Monday, October 17, 2011

Surfing the Wave Between Chaos & Order

I attended the Houston TechFest this past weekend.  There were several really good sessions in the Agile track.  A portion of the session "Self-Organizing Teams - Chaos or Triumph?" by Robbie Mac Iver had a very powerful and simple message I'd like to pass on.  He began the section of his presentation by showing just one word:

CHAOS

...and asked what we think of when we picture a chaotic team.  Our answers were:

  • Unpredictable results
  • Difficult to manager
  • Free
  • Disorganized
  • Confused
  • Experimental
  • Innovative

Then he added another word:

ORDER

... and asked what we think of when we picture an orderly team.  Our answers were:

  • Consistent
  • Easy to manage
  • Confined
  • Organized
  • Process-driven
  • Stifled
  • Regulated

He then pointed out that both chaos and order have good and bad aspects. Though wild, a chaotic team is free to experiment and be innovative, and though easier to manage, an orderly team's innovation can be stifled.  So there is a line between chaos and order, and it's on that line that an Agile team rides.  But the line is not a straight line.  It moves back and forth over the life of a project.  Sometimes a team is more orderly and other times they are more chaotic.  Looking at it this way, the line is really a wave between chaos and order alternately drifting between the two.

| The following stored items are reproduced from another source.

Lemma Shom_cell_eq j k (hjk : j < k) (hkn : k < n) (h1 : j <= k) (h2 : k <= n) :
  (forall (a : j <= k.+1) (b : k.+1 <= n), st p a b = st q a b) ->
  (forall (a : j.+1 <= k) (b : k <= n), st p a b = st q a b) ->
  (forall (a : j.+1 <= k.+1) (b : k.+1 <= n), st p a b = st q a b) ->
  st p h1 h2 = st q h1 h2.
Proof.
move=> eB eC eD.
rewrite (st_pi p h1 (ltnW hjk) h2 (ltnW hkn)) (st_pi q h1 (ltnW hjk) h2 (ltnW hkn)).
rewrite [LHS](fill_unique (cell_hom p hjk hkn)) [RHS](fill_unique (cell_hom q hjk hkn)).
suff -> : j_hom (cell_hom p hjk hkn) = j_hom (cell_hom q hjk hkn) by [].
by apply: CospanHom_ext => /=; [exact: eB | exact: eC | exact: eD].
Qed.

Lemma Shom_eq_on_last_column :
  (forall i (hi : i < n), st p (ltnW hi) (leqnn n) = st q (ltnW hi) (leqnn n)) -> p = q.
Proof.
move=> eq_last; apply: Shom_ext => j k.
have [m] := ubnP (n - j + (n - k)); elim: m j k => // m IH j k hm h1 h2.
have [ejk|hjk] := eqVneq j k; first exact: dV_eqO (sA_eqO Y ejk h2) _ _.
have {}hjk : j < k by rewrite ltn_neqAle hjk.
have [ekn|hkn] := eqVneq k n.
  subst k; rewrite (st_pi p _ (ltnW hjk) h2 (leqnn n)) (st_pi q _ (ltnW hjk) h2 (leqnn n)).
  exact: eq_last.
have {}hkn : k < n by rewrite ltn_neqAle hkn.
apply: (Shom_cell_eq hjk hkn) => a b; apply: IH; lia.
Qed.

End Faithful.

Lemma leq_geq_eq j m : j <= m -> m <= j -> j = m.
Proof. by move=> h1 h2; apply/anti_leq/andP. Qed.

Definition to_eqO {a b : Ob} (e : b = O) : dV a b := eq_rect_r (dV a) (zV a) e.
(* Let $n\ge 4$ be an integer and let $QD_{2^n}=\langle a,b : a^{2^{n-1}}=b^2=1,\ bab^{-1}=a^{2^{n-2}-1}\rangle$ be the quasidihedral group of order $2^n$. Let $\Gamma_{QD_{2^n}}$ be its non-commuting graph. Let $t_1,t_2$ be the two roots of the equation $(2^{n-1}-2)x^2-(2^n-10)x-2^{n-1}=0$. Then the spectrum of the distance signless Laplacian matrix $D^Q(\Gamma_{QD_{2^n}})$ (eigenvalues counted with multiplicity, multiplicities being added if two of the listed values coincide) consists of: (a) $2^n-4$ with multiplicity $2^{n-2}$; (b) $2^n-2$ with multiplicity $2^{n-2}-1$; (c) $2^n+2^{n-1}-8$ with multiplicity $2^{n-1}-3$; (d) $t_k(2^{n-1}-2)+3\cdot 2^{n-1}-2$ with multiplicity $1$, for each $k=1,2$.
   Context: For a finite non-abelian group $G$ with centre $Z(G)$, the non-commuting graph $\Gamma_G$ is the simple undirected graph with vertex set $G\setminus Z(G)$, in which two distinct vertices $u,v$ are adjacent if and only if $uv\ne vu$. For a connected graph $H$, $d_{uv}$ denotes the length of a shortest path between $u$ and $v$; the distance matrix $D(H)$ has $(u,v)$-entry $d_{uv}$. The transmission of a vertex $v$ is $\sum_{u} d_{uv}$, and $Tr(H)$ is the diagonal matrix of vertex transmissions. The distance signless Laplacian matrix is $D^Q(H)=Tr(H)+D(H)$. *)

From HB Require Import structures.
From mathcomp Require Import all_boot all_order all_algebra all_fingroup all_solvable center extremal.
Set Implicit Arguments. Unset Strict Implicit. Unset Printing Implicit Defensive.
Import GRing.Theory.

Section NonCommutingGraph.
Variables (gT : finGroupType) (G : {group gT}).

Definition ncV : {set gT} := (G :\: 'Z(G))%g.

(* adjacency: distinct vertices that do not commute (uv <> vu forces u <> v) *)
Definition nc_adj (x y : gT) : bool :=
  [&& x \in ncV, y \in ncV & (x * y != y * x)%g].

Fixpoint nc_reach (k : nat) (x y : gT) : bool :=
  if k is k'.+1 then nc_reach k' x y || [exists z, nc_reach k' x z && nc_adj z y]
  else x == y.

(* graph distance: least k such that y is reachable from x in at most k steps
   (searched in 0 .. #|gT|-1, which suffices since walks can be shortened
   to paths; the graph is connected in the case considered). *)
Definition nc_dist (x y : gT) : nat :=
  find (fun k => nc_reach k x y) (iota 0 #|gT|).

Definition nc_vert (i : 'I_#|ncV|) : gT := enum_val i.

Variable R : nzRingType.
Local Open Scope ring_scope.

Definition nc_D : 'M[R]_#|ncV| :=
  \matrix_(i, j) (nc_dist (nc_vert i) (nc_vert j))%:R.

Definition nc_transmission (i : 'I_#|ncV|) : R := \sum_j nc_D i j.

Definition nc_DQ : 'M[R]_#|ncV| :=
  diag_mx (\row_i nc_transmission i) + nc_D.

End NonCommutingGraph.

From HB Require Import structures.
From mathcomp Require Import all_boot all_order all_algebra all_fingroup all_solvable.
From mathcomp Require Import center extremal ring zify.
Import GRing.Theory Num.Theory.
Set Implicit Arguments. Unset Strict Implicit. Unset Printing Implicit Defensive.
Local Open Scope ring_scope.

(** Let A = <x> be the cyclic subgroup of index 2 of G = SD_(2^n) and c its
    central involution, so that Z(G) = {1, c} is contained in A.  Any two vertices
    of the non-commuting graph have a common neighbour, so distinct vertices are at
    distance 1 or 2 according as they do not or do commute.  Elements of A \ Z(G)
    commute with each other and with nothing outside A, and two distinct elements
    t, t' outside A commute iff t' = c t.  Hence D^Q = K + U Y, where K is a
    diagonal matrix plus the perfect matching t |-> c t of G \ A, and the columns
    of U are the indicator vectors of A \ Z(G) and G \ A, which are eigenvectors
    of K.  The identity char(K + U Y) char(B) = char(K) char(B + Y U), valid when
    K U = U B, reduces the spectrum to that of K, obtained from
    det (D - P) det (D + P) = det (D^2 - P^2) and a sign conjugation taking D - P
    to D + P, and to that of a 2 x 2 matrix whose characteristic polynomial, for
    #|A| = 2^(n-1), has the affine images of t1 and t2 as roots. *)

Lemma det_mx22 (R : comNzRingType) (M : 'M[R]_2) :
  \det M = M 0 0 * M 1 1 - M 0 1 * M 1 0.
Proof.
rewrite (expand_det_row _ 0) !big_ord_recl big_ord0 addr0 /cofactor !det_mx11.
rewrite !mxE /= expr0 expr1 mul1r mulN1r mulrN.
by congr (M _ _ * M _ _ - M _ _ * M _ _); apply: val_inj.
Qed.

Lemma char_poly_mx22 (R : comNzRingType) (M : 'M[R]_2) :
  char_poly M = ('X - (M 0 0)%:P) * ('X - (M 1 1)%:P) - (M 0 1 * M 1 0)%:P.
Proof. by rewrite /char_poly det_mx22 !mxE /= polyCM; ring. Qed.

Lemma det_sub_rank_update (R : comNzRingType) m r (P : 'M[R]_m) (Q : 'M[R]_r)
    (U : 'M[R]_(m, r)) (Y : 'M[R]_(r, m)) :
  P *m U = U *m Q -> \det (P - U *m Y) * \det Q = \det P * \det (Q - Y *m U).
Proof.
move=> PU.
have factorL : block_mx 1%:M U 0 1%:M *m block_mx (P - U *m Y) 0 Y 1%:M
               = block_mx P U Y 1%:M.
  by rewrite mulmx_block !mul1mx !mul0mx mulmx1 !add0r subrK.
have factorR : block_mx P U Y 1%:M *m block_mx 1%:M 0 0 Q *m block_mx 1%:M (- U) 0 1%:M
               = block_mx P 0 Y (Q - Y *m U).
  rewrite !mulmx_block !mulmx1 !mul1mx !mulmx0 ?mul0mx ?addr0 ?add0r.
  by rewrite !mulmxN PU addNr addrC.
have := congr1 determinant factorR.
rewrite -factorL !det_mulmx det_ublock det_lblock !det_ublock det_lblock !det1.
by rewrite !mulr1 !mul1r => ->.
Qed.

Lemma char_poly_add_mul (R : comNzRingType) m r (A : 'M[R]_m) (B : 'M[R]_r)
    (U : 'M[R]_(m, r)) (Y : 'M[R]_(r, m)) :
  A *m U = U *m B ->
  char_poly (A + U *m Y) * char_poly B = char_poly A * char_poly (B + Y *m U).
Proof.
move=> AU.
have char_poly_mx_addM n1 n2 (M : 'M[R]_n1) (N : 'M[R]_(n1, n2)) L :
    char_poly_mx (M + N *m L) = char_poly_mx M - map_mx polyC N *m map_mx polyC L.
  by rewrite /char_poly_mx map_mxD map_mxM opprD addrA.
rewrite /char_poly !char_poly_mx_addM det_sub_rank_update //.
by rewrite /char_poly_mx mulmxBl mulmxBr mul_scalar_mx mul_mx_scalar -!map_mxM AU.
Qed.

Lemma det_sub_conj_sign (R : comNzRingType) m (E D P : 'M[R]_m) :
  E *m E = 1%:M -> E *m D *m E = D -> E *m P *m E = - P ->
  \det (D - P) = \det (D + P).
Proof.
move=> EE ED EP.
have detE2 : \det E * \det E = 1 by rewrite -det_mulmx EE det1.
have -> : D + P = E *m (D - P) *m E by rewrite mulmxBr mulmxBl ED EP opprK.
by rewrite !det_mulmx mulrC mulrA detE2 mul1r.
Qed.

Lemma det_sub_mul_add (R : comNzRingType) m (D P : 'M[R]_m) :
  D *m P = P *m D -> \det (D - P) * \det (D + P) = \det (D *m D - P *m P).
Proof.
by move=> DP; rewrite -det_mulmx mulmxBl !mulmxDr DP opprD addrA addrK.
Qed.

Lemma monic_sqr_inj (R : numDomainType) (p q : {poly R}) :
  p \is monic -> q \is monic -> p ^+ 2 = q ^+ 2 -> p = q.
Proof.
move=> mp mq /eqP; rewrite eqf_sqr => /orP[/eqP // | /eqP pNq].
move: mp; rewrite pNq monicE lead_coefN (monicP mq) eq_sym -addr_eq0.
by rewrite -(natrD _ 1 1) pnatr_eq0.
Qed.

Lemma affine_roots_quadratic (R : comNzRingType) (a b c v t1 t2 : R) :
  a *: 'X^2 - b *: 'X - c%:P = a *: (('X - t1%:P) * ('X - t2%:P)) ->
  ('X - (t1 * a + v)%:P) * ('X - (t2 * a + v)%:P)
    = ('X - v%:P) ^+ 2 - b *: ('X - v%:P) - (a * c)%:P.
Proof.
move=> fact.
have := congr1 (horner^~ 0) fact; have := congr1 (horner^~ 1) fact.
rewrite !(hornerE, hornerZ) /= => at1 at0.
have hc : c = - (a * (t1 * t2)) by rewrite -(mulrNN t1 t2) mulrA -at0; ring.
have hb : b = a * (t1 + t2).
  by transitivity (a * 1 * 1 - c - (a * 1 * 1 - b - c)); [ring | rewrite at1 hc; ring].
by rewrite hb hc -!mul_polyC; ring.
Qed.

Lemma sum_if_set (R : nzRingType) (T : finType) (A : {set T}) (a b : R) :
  \sum_j (if j \in A then a else b) = a *+ #|A| + b *+ #|~: A|.
Proof.
by rewrite big_if -!sumr_const; congr (_ + _); apply: eq_bigl => j; rewrite ?inE.
Qed.

Lemma prod_if_set (R : comNzRingType) (T : finType) (A : {set T}) (a b : R) :
  \prod_j (if j \in A then a else b) = a ^+ #|A| * b ^+ #|~: A|.
Proof.
by rewrite big_if -!prodr_const; congr (_ * _); apply: eq_bigl => j; rewrite ?inE.
Qed.

Lemma sum_pred1_mul (R : nzRingType) (T : finType) (c : T) (F : T -> R) :
  \sum_j (j == c)%:R * F j = F c.
Proof.
rewrite (bigD1 c) //= eqxx mul1r big1 ?addr0 // => j /negbTE ->.
by rewrite mul0r.
Qed.

(** * A distance matrix with a pairing *)

Definition pairing (T : finType) (B : {set T}) (p : T -> T) :=
  {in B, forall i, [/\ p i \in B, p i != i & p (p i) = i]}.

(* S stands for the vertices in A \ Z(G), and p for t |-> c t on G \ A. *)
Section PairedDistance.
Variables (m : nat) (S : {set 'I_m}) (p : 'I_m -> 'I_m).

Definition paired_dist (i j : 'I_m) : nat :=
  if i == j then 0 else if i \in S then (j \in S).+1 else (j == p i).+1.

Definition paired_D (R : nzRingType) : 'M[R]_m :=
  \matrix_(i, j) (paired_dist i j)%:R.

Definition paired_DQ (R : nzRingType) : 'M[R]_m :=
  diag_mx (\row_i \sum_j paired_D R i j) + paired_D R.

Definition pair_mx (R : nzRingType) : 'M[R]_m :=
  \matrix_(i, j) ((i \notin S) && (j == p i))%:R.

Definition base_mx (R : nzRingType) (a b : R) : 'M[R]_m :=
  diag_mx (\row_i if i \in S then a else b) + pair_mx R.

Definition ind_mx (R : nzRingType) : 'M[R]_(m, 2) :=
  \matrix_(i, l) (if l == 0 then i \in S else i \notin S)%:R.

Definition wt_mx (R : nzRingType) : 'M[R]_(2, m) :=
  \matrix_(l, j) (if l == 0 then (j \in S).+1 else 1)%:R.

Hypothesis pairingS : pairing (~: S) p.
Variable k : nat.
Hypothesis card_compl : #|~: S| = (k + k)%N.

Lemma pairingP i : i \notin S -> [/\ p i \notin S, p i != i & p (p i) = i].
Proof. by rewrite -in_setC => /pairingS[]; rewrite in_setC. Qed.
(* Let $m,n\in\mathbb{N}$ and $\epsilon>0$. Let $\alpha\in\mathbb{Z}_n$ and $f=\chi_\alpha:\mathbb{Z}_n\to\mathbb{C}$. Let $\ell:=\min(n,m)$ and let $g:\mathbb{Z}_m\to\mathbb{C}$ be defined by $g(x)=f(x)$ for $0\le x<\ell$ and $g(x)=0$ otherwise. Let $r=1/(2\epsilon)$ and $\Gamma'=\{\beta\in\mathbb{Z}_m: |\frac mn\alpha-\beta|_m\le r+1\}$. Then $\|g-g|_{\Gamma'}\|_2^2\le\epsilon$.
   Context: $\mathbb{Z}_n=\{0,\dots,n-1\}$ with addition mod $n$; elements are treated as these integer representatives. $\chi_{\alpha}(x)=\exp(2\pi i\alpha x/n)$ on $\mathbb{Z}_n$, and $\chi_{\beta,m}(x)=\exp(2\pi i\beta x/m)$ on $\mathbb{Z}_m$. On $\mathbb{Z}_m$: $\langle h_1,h_2\rangle=\frac1m\sum_x h_1(x)\overline{h_2(x)}$, $\|h\|_2^2=\langle h,h\rangle$, $\widehat h(\beta)=\langle h,\chi_{\beta,m}\rangle$, and for $\Gamma'\subseteq\mathbb{Z}_m$, $h|_{\Gamma'}=\sum_{\beta\in\Gamma'}\widehat h(\beta)\chi_{\beta,m}$. For $k\in\mathbb{N}$, $x\in\mathbb{R}$: $|x|_k=\min\{|x-kz|:z\in\mathbb{Z}\}$. *)

From mathcomp Require Import all_boot all_order all_algebra.
From mathcomp Require Import complex.
From mathcomp Require Import boolp classical_sets reals trigo.
Set Implicit Arguments. Unset Strict Implicit. Unset Printing Implicit Defensive.
Import Order.TTheory GRing.Theory Num.Theory.
Local Open Scope ring_scope.
Local Open Scope complex_scope.

Section Defs.
Variable R : realType.

Definition expi (t : R) : R[i] := (cos t) +i* (sin t).

Definition chi (k : nat) (beta x : nat) : R[i] :=
  expi (2 * pi * beta%:R * x%:R / k%:R).

Definition dotZ (m : nat) (h1 h2 : 'I_m -> R[i]) : R[i] :=
  (m%:R)^-1 * \sum_(x < m) h1 x * (h2 x)^*.

Definition norm2sq (m : nat) (h : 'I_m -> R[i]) : R[i] := dotZ h h.

Definition fourier (m : nat) (h : 'I_m -> R[i]) (beta : 'I_m) : R[i] :=
  dotZ h (fun x => chi m beta x).

Definition restrG (m : nat) (h : 'I_m -> R[i]) (G : pred 'I_m) : 'I_m -> R[i] :=
  fun x => \sum_(beta < m | G beta) fourier h beta * chi m beta x.

Definition distk (k : nat) (x : R) : R :=
  inf [set `|x - k%:R * z%:~R| | z in [set: int]]%classic.

End Defs.

From mathcomp Require Import all_boot all_order all_algebra.
From mathcomp Require Import complex.
From mathcomp Require Import boolp classical_sets reals trigo.
From mathcomp Require Import topology normedtype derive.
From mathcomp Require Import ring lra zify.
Import Order.TTheory GRing.Theory Num.Theory numFieldNormedType.Exports.
Local Open Scope ring_scope.
Local Open Scope complex_scope.

(* By Parseval, the left-hand side is the sum of |g^(beta)|^2 over the beta
   outside Gamma'.  Writing m alpha/n - beta = v + m z with 0 <= v <= m,
   g^(beta) is 1/m times a geometric sum of e(v/m), so
   |g^(beta)| <= 1/(m |sin(pi v/m)|) <= 1/(2 min(v, m - v)) by Jordan's
   inequality, and min(v, m - v) >= |m alpha/n - beta|_m > r + 1.  As beta runs
   over Z_m, v runs over theta + k (k < m), theta the fractional part of
   m alpha/n, and the telescoping bound y^-2 <= 1/(y - 1/2) - 1/(y + 1/2) sums
   the tail to at most 1/(2 r + 1) = eps/(1 + eps). *)

Set Implicit Arguments. Unset Strict Implicit. Unset Printing Implicit Defensive.

Section Characters.
Variable R : realType.
Local Notation C := R[i].

Lemma expiD (a b : R) : expi (a + b) = expi a * expi b :> C.
Proof. by rewrite /expi sinD cosD; simpc; congr (_ +i* _); ring. Qed.

Lemma expi0 : expi 0 = 1 :> C.
Proof. by rewrite /expi sin0 cos0. Qed.

Lemma expiN (a : R) : expi (- a) = (expi a)^*%R :> C.
Proof. by rewrite /expi sinN cosN. Qed.

Lemma expiMn (a : R) k : expi (a *+ k) = expi a ^+ k :> C.
Proof. by elim: k => [|k IH]; rewrite ?expi0 // mulrS expiD IH exprS. Qed.

Lemma expi_2pi_nat k : expi (2 * pi * k%:R) = 1 :> C.
Proof.
have -> : 2 * pi * k%:R = (pi *+ 2) *+ k :> R by rewrite -mulr_natr -(mulr_natr pi); ring.
by rewrite expiMn /expi cos2pi sin2pi expr1n.
Qed.

Lemma norm_expi (a : R) : `|expi a| = 1 :> C.
Proof.
apply/eqP; rewrite -(@pexpr_eq1 _ _ 2) // normCK -expiN -expiD subrr.
by rewrite expi0.
Qed.

Lemma sqr_norm_expi_sub1 (b : R) : `|expi b - 1| ^+ 2 = (4 * sin (b / 2) ^+ 2)%:C :> C.
Proof.
have hb : b = (b / 2) *+ 2 by rewrite -mulr_natr mulfVK // pnatr_eq0.
rewrite normCK [in LHS]hb /expi cos_mulr2n sin_mulr2n; simpc.
congr (_ +i* _); last by ring.
by rewrite cos2sin2 -[RHS]mulr1 -[X in _ = _ * X](cos2Dsin2 (b / 2)); ring.
Qed.

Lemma expi_neq1 (t : R) : 0 < `|t| < pi *+ 2 -> expi t != 1 :> C.
Proof.
move=> /andP[t0 t2pi]; rewrite -subr_eq0 -normr_eq0 -sqrf_eq0 sqr_norm_expi_sub1.
rewrite fmorph_eq0 mulf_eq0 pnatr_eq0 sqrf_eq0 /=.
wlog tpos : t t0 t2pi / 0 < t.
  move=> sym; have [t_lt0|t_ge0] := ltP t 0.
    by rewrite -oppr_eq0 -sinN -mulNr sym ?normrN ?oppr_gt0.
  by apply: sym; rewrite // lt_neqAle t_ge0 andbT eq_sym -normr_eq0 gt_eqF.
apply/lt0r_neq0/sin_gt0_pi; rewrite divr_gt0 //= ltr_pdivrMr //.
by rewrite mulr_natr -(gtr0_norm tpos).
Qed.

Lemma chi_sym m a b : chi R m a b = chi R m b a.
Proof. by rewrite /chi [2 * pi * _ * _]mulrAC. Qed.

Lemma chi_mulJ (m k a b : nat) :
  chi R m k a * (chi R m k b)^*%R = expi (2 * pi * (a%:R - b%:R) / m%:R) ^+ k.
Proof.
rewrite /chi -expiN -expiD -expiMn; congr expi; rewrite -mulr_natr; ring.
Qed.

Lemma sum_expr_root1 (u : C) m : u ^+ m = 1 -> u != 1 -> \sum_(k < m) u ^+ k = 0.
Proof.
move=> um u1; have := subrX1 u m; rewrite um subrr => /esym/eqP.
by rewrite mulf_eq0 subr_eq0 (negbTE u1) => /eqP.
Qed.

Lemma chi_orthogonal m (a b : 'I_m) :
  \sum_(k < m) chi R m k a * (chi R m k b)^*%R = (a == b)%:R * m%:R.
Proof.
under eq_bigr do rewrite chi_mulJ.
have mR : (m%:R : R) != 0 by rewrite pnatr_eq0 -lt0n (leq_ltn_trans _ (ltn_ord a)).
have [<-|nab] := eqVneq a b.
  rewrite subrr mulr0 mul0r expi0 mul1r.
  by under eq_bigr do rewrite expr1n; rewrite sumr_const card_ord.
rewrite mul0r; apply: sum_expr_root1.
  rewrite -expiMn -[_ *+ m]mulr_natr mulfVK // mulrBr expiD expiN !expi_2pi_nat.
  by rewrite rmorph1 mulr1.
have d0 : 0 < `|a%:R - b%:R| :> R by rewrite normr_gt0 subr_eq0 eqr_nat.
have dm : `|a%:R - b%:R| < m%:R :> R.
  have := ltn_ord a; have := ltn_ord b; rewrite -!(ltr_nat R) => hb ha.
  have := ler0n R a; have := ler0n R b => b0 a0.
  rewrite ltr_norml; apply/andP; split; lra.
have -> : 2 * pi * (a%:R - b%:R) / m%:R = pi *+ 2 * ((a%:R - b%:R) / m%:R) :> R.
  by rewrite -[pi *+ 2]mulr_natr; ring.
have pi2 : 0 < pi *+ 2 :> R by rewrite pmulrn_lgt0 ?pi_gt0.
have m0 : (0 < m%:R :> R) by apply: le_lt_trans dm.
apply: expi_neq1; rewrite normrM normrM normfV gtr0_norm // (gtr0_norm m0).
by rewrite pmulr_rgt0 // gtr_pMr // divr_gt0 //= ltr_pdivrMr // mul1r.
Qed.

Section FourierZm.
Variables (m : nat) (m_gt0 : (0 < m)%N).

Let mC_neq0 : (m%:R : C) != 0. Proof. by rewrite pnatr_eq0 -lt0n. Qed.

Taking that a step further we can say that Agile teams "surf" this wave through the life of the project. And like surfing it is easy to fall.  A team can very quickly fall into too much chaos and become uncontrollable. And just as quickly a team become too ordered where no new ideas are sparking.
The diagram made me think of yin and yang which is an Eastern philosophy that describes complementary opposites that interact within a greater whole, as part of a dynamic system.  It is the perfect symbol to represent an ideal Agile team having equal (yet varying) parts chaos and order.



One of Scrum's tag-lines (as well as one of it's founder's website) is Control Chaos.  This is the essence of Scrum.  Just enough chaos to be free thinking and just enough order to be successful.